Here, key distinguishing factors are the coupling as well as the required coordination between the two
arms. We extended the classification in that we also distinguish between physical coupling, i.e., if one
arm exerts a force that could be measured by the other arm.
Task | Coupled | Coordination | |||
---|---|---|---|---|---|
temporal | spatial | physical | symmetric | synchronous | |
(a) push box | ✔ | ✔ | ✘ | ✔ | ✔ |
(b) lift a ball | ✔ | ✔ | ✔ | ✔ | ✔ |
(c) push two buttons | ✔ | ✘ | ✘ | ✔ | ✘ |
(d) pick up a plate | ✔ | ✔ | ✔ | ✘ | ✘ |
(e) put item in drawer | ✔ | ✘ | ✘ | ✘ | ✘ |
(f) put bottle in fridge | ✔ | ✘ | ✘ | ✘ | ✘ |
(g) handover an item | ✔ | ✔ | ✔ | ✘ | ✔ |
(h) pick up notebook | ✔ | ✔ | ✔ | ✘ | ✘ |
(i) straighten rope | ✔ | ✔ | ✔ | ✘ | ✔ |
(j) sweep dust pan | ✔ | ✔ | ✔ | ✘ | ✘ |
(k) lift tray | ✔ | ✔ | ✔ | ✔ | ✔ |
(l) handover item (easy) | ✔ | ✔ | ✔ | ✘ | ✘ |
(m) take tray out of oven | ✔ | ✔ | ✔ | ✘ | ✘ |
The system architecture. PerAct2 takes proprioception, RGB-D camera images as well as a task description as input. The voxel grid is constructed by merging data from multiple RGB-D cameras. A PerceiverIO transformer is utilized to learn features at both the voxel and language levels.
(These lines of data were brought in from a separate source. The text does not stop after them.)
Lemma infinite_square_injection T : infinite T -> exists h : T * T -> T, injective h.
Proof.
move=> Tinf; have [x xinj] := infinite_nat_embedding Tinf.
have [f0 f0A] := square_embedding_nat xinj.
have [G [G0G Gsq Gmax]] := Zorn_bigcup_above (square_graph_of f0A)
  (@square_graph_bigcup T).
have [f [fA GE]] := square_graph_fun (x 0) Gsq; set A := carrier G in fA GE.
have xA n : A (x n).
  by apply: (carrier_subset G0G); rewrite carrier_graph_of; exists n.
have x01 : x 0 <> x 1 by move/xinj.
have [[v vA]|[w wA]] := set_embedding_total (x 0) A (~` A).
  have [f' [f'A f'f]] := square_embedding_extend fA (xA 0) (xA 1) x01 vA.
  exfalso; apply: (Gmax (graph_of (A `|` v @` A) f')); last exact: square_graph_of.
  rewrite {1}GE; split=> [[p z] [[/= Ap1 Ap2] /= ->]|G'G].
    by split; [split; left|rewrite f'f].
  pose t := (v (x 0), v (x 0), f' (v (x 0), v (x 0))).
  have /G'G : graph_of (A `|` v @` A) f' t.
    by split=> //; split; right; exists (x 0).
  by move=> -[[/= Avx _] _]; exact: (proj1 vA _ (xA 0) Avx).
have [u [uA uinj]] := set_embedding_setU fA (xA 0) (xA 1) x01 wA.
have AuA y : (A `|` ~` A) y by rewrite setUv.
exists (fun p => f (u p.1, u p.2)) => -[a b] [c d] /=.
move/(proj2 fA (_, _) (_, _) (conj (uA _ (AuA a)) (uA _ (AuA b)))
  (conj (uA _ (AuA c)) (uA _ (AuA d)))) => -[].
by move=> /(uinj _ _ (AuA a) (AuA c)) -> /(uinj _ _ (AuA b) (AuA d)) ->.
Qed.

Definition bool_le (a b : bool) : Prop := a -> b.

Lemma bool_glb K (f : K -> bool) : is_glb bool_le f `[< forall k, f k >].
Proof. by split=> [k /asboolP|z zf zt]; [apply|apply/asboolP => k; apply: zf]. Qed.

Lemma bool_lub K (f : K -> bool) : is_lub bool_le f `[< exists k, f k >].
Proof.
by split=> [k fk|z fz /asboolP[k /fz]] //; apply/asboolP; exists k.
Qed.

Lemma bool_I_complete_lattice I : is_I_complete_lattice bool_le I.
Proof.
have glb K (f : K -> bool) := ex_intro _ _ (bool_glb f).
have lub K (f : K -> bool) := ex_intro _ _ (bool_lub f).
split; [split; [split; [|split]|split]|split] => //.
- by move=> a.
- by move=> a b c ab bc /ab/bc.
- by move=> [] [] // ab ba; [have := ab isT|have := ba isT].
Qed.

Section SmallSupport.
Variables I J : Type.

Local Notation prod_bool_le := (@prod_le J (fun _ => bool) (fun _ => bool_le)).

Definition small_support (x : J -> bool) : Prop :=
  exists g : I -> J, forall j, x j -> exists i, g i = j.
The output for each robot arm includes a discretized action, which comprises a six-dimensional end-effector pose, the state of the gripper, and an extra indicator for planning motion with collision awareness.
Method | (a) box | (b) ball | (c) buttons | (d) plate | (e) drawer | (f) fridge | (g) handover |
---|---|---|---|---|---|---|---|
ACT | 0% | 36% | 4% | 0% | 13% | 0% | 0% |
RVT-LF | 52% | 17% | 39% | 3% | 10% | 0% | 0% |
PerAct-LF | ⭐ 57% | 40% | 10% | 2% | ⭐ 27% | 0% | 0% |
PerAct2 (ours) | 6% | ⭐ 50% | ⭐ 47% | ⭐ 4% | 10% | ⭐ 3% | ⭐ 11% |
Method | (h) laptop | (i) rope | (j) dust | (k) tray | (l) handover easy | (m) oven | |
ACT | 0% | 16% | 0% | 6% | 0% | 2% | |
RVT-LF | 3% | 3% | 0% | 6% | 0% | 3% | |
PerAct-LF | 11% | 21% | ⭐ 28% | ⭐ 14% | 9% | 8% | |
PerAct2 (ours) | ⭐ 12% | ⭐ 24% | 0% | 1% | ⭐ 41% | ⭐ 9% |